Сдвинулись все приоритеты советской политики. Если начиная с 1945 года в центре внимания постоянно находилась восточноевропейская империя — особенно в кризисные 1953, 1956, 1968 и 1980-1981 годы, — то теперь фокус внимания сместился. Михаил Горбачев и его соратники очень стремились к улучшению отношений с Западом. В связи с этим контакты с Соединенными Штатами и ФРГ вскоре вышли на первый план. «Братские страны» — ГДР, Чехословакия, Румыния и Болгария — раз за разом получали отказ в поддержке своих реформ и, наоборот, отдалялись. К тому же советское руководство отказалось от «доктрины Брежнева», согласно которой социалистические государства обладали только неполным суверенитетом и Советский Союз имел право в любой момент и, если необходимо, силой вмешиваться в их внутренние дела. Июньские выборы в Польше показали, что Москва действительно не собирается ни политическими, ни военными мерами влиять на ситуацию в ближнем зарубежье. Кремль смирился с поражением коммунистов. Открылось пространство возможностей, сравнимого с которым в Европе не было несколько десятилетий.
1989 год в ГДР
Десятки лет ГДР и СССР связывали «особые отношения». Коммунистическое государство на немецкой земле символизировало советскую победу в 1945 году. Пусть и не вся Германия, а только ее половина, но все же это была жемчужина в короне советской империи. Десятилетиями ни одно важное политическое решение в ГДР не могло быть принято без согласия СССР. Особенно если речь шла о власти — а тема границ в годы холодной войны, конечно же, была вопросом власти. Полмиллиона советских солдат на немецкой территории были еще одним важным фактором. И, конечно, советское посольство – а точнее, целый городок вдоль бульвара Унтер ден Линден – постоянно следило за всем происходящим в стране. Дополнительным игроком была обширная резидентура КГБ с центром в берлинском районе Карлсхорст.

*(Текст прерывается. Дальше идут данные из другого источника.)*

Lemma compatible_union h B1 B2 : finite_set B1 -> finite_set B2 ->
  compatible h B1 -> compatible h B2 ->
  (forall p, B1 p \/ B2 p -> solves_on (le1^~ p) h) ->
  compatible h (fun z => B1 z \/ B2 z).
Proof.
move=> finB1 finB2 hB1 hB2 local.
set C := fun z => B1 z \/ B2 z.
have finC : finite_set C by exact: finite_union.
suff U_C p : C p -> U C p = h p by move=> p Cp; rewrite U_C.
elim/(well_founded_ind lt1_wf): p => p IH Cp.
have from_part Bi : finite_set Bi -> compatible h Bi -> (forall z, Bi z -> C z) -> Bi p ->
    le2 (U C p) (h p).
  move=> finBi hBi BiC Bip; rewrite hBi //; apply: U_mono => // w Biw wp.
  by rewrite -hBi // IH //; exact: BiC.
have le_h : le2 (U C p) (h p).
  case: (Cp) => Bp; first by apply: (from_part B1) Bp => // z; left.
  by apply: (from_part B2) Bp => // z; right.
have [B [finB CB _ hB]] := local p Cp (down C p) (finite_down p finC) (fun a => @proj2 _ _).
have Cp' : down C p p := conj Cp (le1_refl p).
have ge_h : le2 (h p) (U C p).
  rewrite hB; last exact: CB Cp'.
  rewrite (U_down finC Cp); apply: U_mono => // w [Cw wp'] wp.
  by rewrite U_down_le // IH // hB //; exact: CB.
exact: le2_anti le_h ge_h.
Qed.

Lemma solves_on_of_local P h : down_closed P ->
  (forall p, P p -> solves_on (le1^~ p) h) -> solves_on P h.
Proof.
move=> Pdown local A [l Al] AP.
suff: forall s, (forall a, In a s -> P a) -> exists B,
    [/\ finite_set B, forall a, In a s -> B a, forall b, B b -> P b & compatible h B].
  move=> /(_ l (fun a la => AP a (proj2 (Al a) la))) [B [finB lB BP hB]].
  by exists B; split=> // a /Al; exact: lB.
move=> {A Al AP}; elim=> [_|a s IH asP].
  by exists (fun _ => False); split=> //; exact: finite_set0.
have [B [finB lB BP hB]] := IH (fun b sb => asP b (or_intror sb)).
have Pa : P a := asP a (or_introl erefl).
have [|Ba [finBa aBa BaP hBa]] := local a Pa (eq^~ a) (finite_set1 a); first by move=> z; left.
have BBaP z : B z \/ Ba z -> P z by case=> [/BP //|/BaP]; exact: down_closed_le1.
exists (fun z => B z \/ Ba z); split=> //; first exact: finite_union.
  by move=> z [<-|sz]; [right; exact: aBa | left; exact: lB].
by apply: compatible_union => // p /BBaP; exact: local.
Qed.

(* The value at z of some solution below z; by [solves_on_unique] it does not
   depend on the solution chosen. *)
Definition solution (z : T) : T := epsilon (inhabits id) (solves_on (le1^~ z)) z.

Lemma solution_solves_below q :
  (exists h, solves_on (le1^~ q) h) -> solves_on (le1^~ q) solution.
Proof.
move=> exq; have hqP := epsilon_spec (inhabits id) _ exq.
apply: (solves_on_ext hqP) => z zq.
have hqPz : solves_on (le1^~ z) (epsilon (inhabits id) (solves_on (le1^~ q))).
  apply: solves_on_sub hqP => [y x yz xy|y yz]; last exact: le1_trans yz zq.
  by apply: le1_trans (or_intror xy) yz.
rewrite /solution; apply: (solves_on_unique hqPz _ (le1_refl z)).
by apply: epsilon_spec; eexists; exact: hqPz.
Qed.
Lemma nc_coarsenings_restr n (P : {set {set 'I_n}}) (Y : {set 'I_n}) : partition P setT ->
  nc_coarsenings P Y = (fun Q : {set {set 'I_#|Y|}} => unstd Y @: Q) @: nc_coarsenings (restr P Y) setT.
Proof.
move=> pP; apply/setP => Q; apply/idP/imsetP => [|[Q' Q'N ->]].
  rewrite inE => /and3P[pQ nQ rQ].
  have QY : forall t, t \in Q -> t \subset Y by case/partitionP: pQ.
  have eQ : unstd Y @: (std Y @: Q) = Q.
    rewrite -imset_comp -[RHS]imset_id; apply: eq_in_imset => t tQ /=.
    exact: stdK (QY t tQ).
  exists (std Y @: Q) => //; rewrite inE partition_unstd noncrossing_unstd eQ pQ nQ /=.
  apply/forallP => a; apply/implyP; rewrite restrE => /imsetP[t /imsetP[pi]].
  rewrite inE => /andP[piP ne] -> ->; apply/implyP => _.
  move/forallP: rQ => /(_ pi); rewrite piP ne /= => /existsP[u /andP[uQ su]].
  by apply/existsP; exists (std Y u); rewrite imset_f //= setIT std_subset.
move: Q'N; rewrite !inE => /and3P[pQ nQ rQ].
rewrite -partition_unstd -noncrossing_unstd pQ nQ /=.
apply/forallP => pi; apply/implyP => piP; apply/implyP => ne.
have aA : std Y (pi :&: Y) \in restr P Y.
  by rewrite restrE; apply: imset_f; apply: imset_f; rewrite inE piP.
move/forallP: rQ => /(_ (std Y (pi :&: Y))); rewrite aA /= setIT.
rewrite -unstd_eq0 stdK ?subsetIr // ne /=.
move=> /existsP[t /andP[tQ st]]; apply/existsP; exists (unstd Y t).
by rewrite imset_f //= -(stdK (subsetIr pi Y)) unstd_subset.
Qed.

Lemma coarse_sum_restr n (P : {set {set 'I_n}}) (Y : {set 'I_n}) : partition P setT ->
  coarse_sum (restr P Y) setT = coarse_sum P Y.
Proof.
move=> pP; rewrite /coarse_sum [in RHS](nc_coarsenings_restr Y pP) big_imset /=; last first.
  by move=> A B _ _; apply: imset_inj; apply: unstd_inj.
apply: eq_bigr => Q' _; rewrite big_imset /=; last by move=> a b _ _; apply: unstd_inj.
by apply: eq_bigr => t _; rewrite kappa_on_unstd.
Qed.

Lemma nc_coarsenings_set0 n (P : {set {set 'I_n}}) : nc_coarsenings P set0 = [set set0].
Proof.
apply/setP => Q; rewrite !inE; apply/idP/idP => [/and3P[/partitionP[h0 hs _ _] _ _]|/eqP ->].
  apply/eqP/setP => t; rewrite inE; apply/negbTE/negP => tQ.
  by move: (h0 t tQ) (hs t tQ); rewrite subset0 => /negbTE ->.
apply/and3P; split.
- by apply/partitionP; split => // [t|t|x|t1 t2 x]; rewrite ?inE.
- by apply/noncrossingP => pi rho; rewrite inE.
- by apply/forallP => pi; rewrite setI0 eqxx /= implybT.
Qed.

Lemma coarse_sum_set0 n (P : {set {set 'I_n}}) : coarse_sum P set0 = 1.
Proof. by rewrite /coarse_sum nc_coarsenings_set0 big_set1 big_set0. Qed.

Lemma prod_sum_coarsen_restr n (P : {set {set 'I_n}}) (Y : {set 'I_n}) : ncpart P ->
  \prod_(q <- seq_of_opt (toNCP (restr P Y))) coarsen_sum q = coarse_sum P Y.
Proof.
move=> nP; have pP : partition P setT by case/andP: nP.
have [Y0|Y0] := posnP #|Y|.
  by rewrite toNCP_restr0 // (cards0_eq Y0) coarse_sum_set0 big_nil.
by rewrite (toNCP_restr nP Y0) big_cons big_nil mulr1 coarsen_sumE /= coarse_sum_restr.
Qed.

End CoarseningSums.

Section RootDecomposition.
Variables (n : nat) (P : {set {set 'I_n}}) (x0 : 'I_n).
Hypotheses (pP : partition P setT) (x00 : x0 = 0 :> nat).
Implicit Types (x y : 'I_n) (pi t : {set 'I_n}) (Q L : {set {set 'I_n}}).

Lemma block_neq0 pi : pi \in P -> pi != set0.
Proof. by case/partitionP: pP => h _ _ _; apply: h. Qed.

Lemma block_cover x : exists2 pi, pi \in P & x \in pi.
Proof. by case/partitionP: pP => _ _ h _; apply: h. Qed.

Lemma block_uniq pi1 pi2 x : pi1 \in P -> pi2 \in P -> x \in pi1 -> x \in pi2 -> pi1 = pi2.
Proof. by case/partitionP: pP => _ _ _ h; apply: h. Qed.

Lemma eq_x0 x : x = 0 :> nat -> x = x0.
Proof. by move=> e; apply: val_inj; rewrite /= e x00. Qed.

Definition root_lowerset (Q : {set {set 'I_n}}) :=
  [set pi in P | [exists t in Q, (x0 \in t) && (pi \subset t)]].

Section Coarsening.
Variable Q : {set {set 'I_n}}.
Hypothesis QN : Q \in nc_coarsenings P setT.

Lemma coarsening_partition : partition_spec Q setT.
Proof. by move: QN; rewrite inE => /and3P[/partitionP]. Qed.

Lemma coarsening_noncrossing : noncrossing Q.
Proof. by move: QN; rewrite inE => /and3P[]. Qed.

Lemma coarsening_refines pi : pi \in P -> exists2 t, t \in Q & pi \subset t.
Proof.
move: QN; rewrite inE => /and3P[_ _ /forallP/(_ pi)] + piP.
by rewrite piP setIT block_neq0 //= => /existsP[t /andP[]]; exists t.
Qed.

Lemma coarsening_uniq t1 t2 x : t1 \in Q -> t2 \in Q -> x \in t1 -> x \in t2 -> t1 = t2.
Proof. by case: coarsening_partition => _ _ _; apply. Qed.

Lemma mem_root_lowerset t0 pi : t0 \in Q -> x0 \in t0 ->
  (pi \in root_lowerset Q) = (pi \in P) && (pi \subset t0).
Proof.
move=> t0Q x0t0; rewrite inE; congr (_ && _).
apply/existsP/idP => [[t /and3P[tQ x0t pit]]|pit]; last by exists t0; rewrite t0Q x0t0.
by rewrite -(coarsening_uniq tQ t0Q x0t x0t0).
Qed.

Lemma root_lowerset_lowersets0 : root_lowerset Q \in lowersets0 P.
Proof.
have [_ _ cover _] := coarsening_partition.
have [t0 t0Q x0t0] := cover x0 (in_setT _).
have inLQ := mem_root_lowerset _ t0Q x0t0.
rewrite inE; apply/andP; split.
  apply: lowerset_closed => [|s t]; first by apply/subsetP => pi; rewrite inLQ => /andP[].
  rewrite !inLQ => /andP[tP tt0] /and3P[sP _ /set0Pn[c]].
  rewrite inE sP => /andP[cs /(subsetP tt0) ct0] /=.
  have [u uQ su] := coarsening_refines sP.
  have [->//|ne] := eqVneq t0 u.
  have notin_u y : y \in t0 -> y \notin u.
    by move=> yt0; apply: contra ne => yu; rewrite (coarsening_uniq t0Q uQ yt0 yu).
  case: (noncrossing_first_block_Conv coarsening_noncrossing t0Q uQ ne x0t0 x00 ct0
         (subsetP (Conv_sub su) c cs) (notin_u c ct0) (notin_u x0 x0t0)).
have [pi piP x0p] := block_cover x0; have [u uQ pu] := coarsening_refines piP.
rewrite -(coarsening_uniq uQ t0Q (subsetP pu x0 x0p) x0t0) in inLQ.
by apply/existsP; exists pi; rewrite inLQ piP pu /=; apply/existsP; exists x0; rewrite x0p x00.
Qed.

End Coarsening.

Section GapFamilies.
Variable L : {set {set 'I_n}}.
Hypothesis LS : L \in lowersets0 P.
Local Notation X := (unionL L).

Lemma sub_unionL pi : pi \in L -> pi \subset X.
Proof. by move=> piL; apply/subsetP => y yp; apply/bigcupP; exists pi. Qed.

Lemma x0_unionL : x0 \in X.
Proof.
move: LS; rewrite inE => /andP[_ /existsP[pi /andP[piL /existsP[x /andP[xp /eqP x_0]]]]].
by rewrite -(eq_x0 x_0); exact: (subsetP (sub_unionL piL)).
Qed.

Lemma lowerset_arrow0 s t : s \in P -> t \in L -> arrow0 P s t -> s \in L.
Proof.
move=> sP tL st; have : lowerset P L by move: LS; rewrite inE => /andP[].
case/andP=> _ /forallP/(_ t).
by rewrite tL /= => /forallP/(_ s); rewrite sP /= => /implyP; apply; apply: connect1.
Qed.

Lemma notin_unionL pi y : pi \in P -> pi \notin L -> y \in pi -> y \notin X.
Proof.
move=> piP piL yp; rewrite mem_unionL; apply/negP => /existsP[p' /andP[p'L yp']].
by move: piL; rewrite (block_uniq piP (subsetP (lowersets0_sub LS) _ p'L) yp yp') p'L.
Qed.

(* If a block outside [L] straddled a point of [X], its hull would meet a block of [L]. *)
Lemma block_sub_gap pi y : pi \in P -> pi \notin L -> y \in pi ->
  pi \subset gap X (stdpos X y).
Proof.
move=> piP piL yp; apply: sub_gap => // [z|a b x ap bp]; first exact: notin_unionL.
rewrite mem_unionL => /existsP[p' /andP[p'L xp']] ax xb.
suff : arrow0 P pi p' by move/(lowerset_arrow0 piP p'L); rewrite (negbTE piL).
rewrite /arrow0 piP (subsetP (lowersets0_sub LS) _ p'L) /=; apply/set0Pn; exists x.
rewrite !inE xp' andbT; apply/existsP; exists a; rewrite ap /=.
by apply/existsP; exists b; rewrite bp ltnW // ltnW.
Qed.

Definition gap_families :=
  [set f : {ffun 'I_n.+1 -> {set {set 'I_n}}} | [forall i, f i \in nc_coarsenings P (gap X i)]].

Definition glue (f : {ffun 'I_n.+1 -> {set {set 'I_n}}}) := X |: \bigcup_i f i.

Section GapFamily.
Variable f : {ffun 'I_n.+1 -> {set {set 'I_n}}}.
Hypothesis fF : f \in gap_families.

Lemma gap_familyP i : f i \in nc_coarsenings P (gap X i).
Proof. by move: fF; rewrite inE => /forallP. Qed.

Lemma gap_family_partition i : partition_spec (f i) (gap X i).
Proof. by move: (gap_familyP i); rewrite inE => /and3P[/partitionP]. Qed.

Lemma gap_family_block i t : t \in f i -> t != set0 /\ t \subset gap X i.
Proof. by have [h0 hs _ _] := gap_family_partition i; split; [apply: h0 | apply: hs]. Qed.

Lemma unionL_not_sub_gap i : ~~ (X \subset gap X i).
Proof. by apply/negP => /subsetP/(_ x0 x0_unionL); rewrite in_gap x0_unionL. Qed.

Lemma mem_glue t : t \in glue f -> t = X \/ exists i, t \in f i.
Proof. by case/setU1P => [->|/bigcupP[i _ ti]]; [left | right; exists i]. Qed.

Lemma gap_family_glue i : f i = [set t in glue f | t \subset gap X i].
Proof.
apply/setP => t; rewrite inE; apply/idP/andP => [ti|[tG tg]].
  by split; [apply/setU1P; right; apply/bigcupP; exists i | case: (gap_family_block ti)].
case: (mem_glue tG) => [et|[j tj]]; first by move: tg; rewrite et (negbTE (unionL_not_sub_gap i)).
have [/set0Pn[y yt] tg'] := gap_family_block tj.
by rewrite (val_inj (gap_uniq (subsetP tg y yt) (subsetP tg' y yt))).
Qed.

Lemma gap_family_disjoint i j : i != j -> [disjoint f i & f j].
Proof.
move=> ne; rewrite -setI_eq0; apply/eqP/setP => t; rewrite !inE.
apply/negbTE/negP => /andP[ti tj].
have [/set0Pn[y yt] tg] := gap_family_block ti; have [_ tg'] := gap_family_block tj.
by move: ne; rewrite (val_inj (gap_uniq (subsetP tg y yt) (subsetP tg' y yt))) eqxx.
Qed.

Lemma unionL_notin_gap_family : X \notin \bigcup_i f i.
Proof.
apply/negP => /bigcupP[i _ Xi].
by have [_ /negP] := gap_family_block Xi; rewrite (negbTE (unionL_not_sub_gap i)).
Qed.

Lemma prod_glue (R : comPzRingType) (g : {set 'I_n} -> R) :
  (\prod_(t in glue f) g t = g X * \prod_i \prod_(t in f i) g t)%R.
Proof.
rewrite /glue big_setU1 ?unionL_notin_gap_family //=; congr (_ * _)%R.
exact: partition_disjoint_bigcup gap_family_disjoint.
Qed.

Lemma partition_glue : partition (glue f) setT.
Proof.
apply/partitionP; split.
- move=> t /mem_glue[->|[i ti]]; last by case: (gap_family_block ti).
  by apply/set0Pn; exists x0; exact: x0_unionL.
- by move=> t _; apply: subsetT.
- move=> y _; have [yX|yX] := boolP (y \in X); first by exists X => //; apply: setU11.
  have [_ _ hc _] := gap_family_partition (gap_index X y).
  have [t ti yt] := hc y (mem_gap_index yX).
  by exists t => //; apply/setU1P; right; apply/bigcupP; exists (gap_index X y).
move=> t1 t2 y /mem_glue[->|[i t1i]] /mem_glue[->|[j t2j]] y1 y2 //.
- have [_ /subsetP tg] := gap_family_block t2j.
  by move: (gap_notin (tg y y2)); rewrite y1.
- have [_ /subsetP tg] := gap_family_block t1i.
  by move: (gap_notin (tg y y1)); rewrite y2.
have [_ /subsetP tg1] := gap_family_block t1i; have [_ /subsetP tg2] := gap_family_block t2j.
move: t2j; rewrite -(val_inj (gap_uniq (tg1 y y1) (tg2 y y2))) => t2i.
by have [_ _ _ hu] := gap_family_partition i; apply: (hu _ _ y).
Qed.

Lemma noncrossing_glue : noncrossing (glue f).
Proof.
apply/noncrossingP => pi rho /mem_glue[->|[i pii]] /mem_glue[->|[j rhoj]] ne a b c d ap bp cr dr ac cb bd.
- by rewrite eqxx in ne.
- have [_ /subsetP tg] := gap_family_block rhoj.
  exact: (gap_nothing_between (tg c cr) (tg d dr) bp cb bd).
- have [_ /subsetP tg] := gap_family_block pii.
  exact: (gap_nothing_between (tg a ap) (tg b bp) cr ac cb).
have [_ /subsetP tg1] := gap_family_block pii; have [_ /subsetP tg2] := gap_family_block rhoj.
have eij : i = j by apply: val_inj; apply: (gap_between_gap (tg1 a ap) (tg1 b bp) (tg2 c cr) ac cb).
move: rhoj; rewrite -eij => rhoi.
have := gap_familyP i; rewrite inE => /and3P[_ /noncrossingP h _].
exact: (h pi rho pii rhoi ne a b c d ap bp cr dr ac cb bd).
Qed.

Lemma refines_glue : refines_on P setT (glue f).
Proof.
apply/forallP => pi; apply/implyP => piP; apply/implyP => _; rewrite setIT.
have [piL|piL] := boolP (pi \in L).
  by apply/existsP; exists X; rewrite setU11 sub_unionL.
have /set0Pn[y yp] := block_neq0 piP.
have pg := block_sub_gap piP piL yp; rewrite -gap_indexE in pg.
have := gap_familyP (gap_index X y); rewrite inE => /and3P[_ _ /forallP/(_ pi)].
rewrite piP /= (setIidPl pg) (block_neq0 piP) /=.
case/existsP => t /andP[ti st]; apply/existsP; exists t; rewrite st andbT.
by apply/setU1P; right; apply/bigcupP; exists (gap_index X y).
Qed.

Lemma glue_nc_coarsenings : glue f \in nc_coarsenings P setT.
Proof. by rewrite inE partition_glue noncrossing_glue refines_glue. Qed.

Lemma root_lowerset_glue : root_lowerset (glue f) = L.
Proof.
have XG : X \in glue f by apply: setU11.
apply/setP => pi; rewrite (mem_root_lowerset glue_nc_coarsenings _ XG x0_unionL).
apply/andP/idP => [[piP piX]|piL]; last by rewrite (subsetP (lowersets0_sub LS)) ?sub_unionL.
apply: contraT => piL; have /set0Pn[y yp] := block_neq0 piP.
by move: (notin_unionL piP piL yp); rewrite (subsetP piX y yp).
Qed.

Верхушка Социалистической единой партии Германии (СЕПГ) понимала свою зависимость от Москвы. Если прочие коммунистические страны Восточной Европы располагали и собственными национальными институтами легитимации, то для Восточного Берлина «победа над фашизмом» и «дружба с Советским Союзом» были ключевой парадигмой государственной политики. «Социализм на немецкой земле» не мыслился без советского протектората. Однако с началом перестройки между ГДР и ее покровителем прошла опасная трещина. Горбачев и его соратники были убеждены в необходимости кардинальных реформ. Эрих Хонеккер и его товарищи в политбюро СЕПГ считали, что ГДР представляет собой образец социалистического государства. Главный идеолог из Восточного Берлина Курт Хагер уже в 1987 году, комментируя советский курс на реформы, задавал риторический вопрос: «И, к слову сказать, если ваш сосед затеял у себя ремонт — сочтете ли вы своим долгом поменять обои у себя в квартире?» Так разногласия стали достоянием общественности.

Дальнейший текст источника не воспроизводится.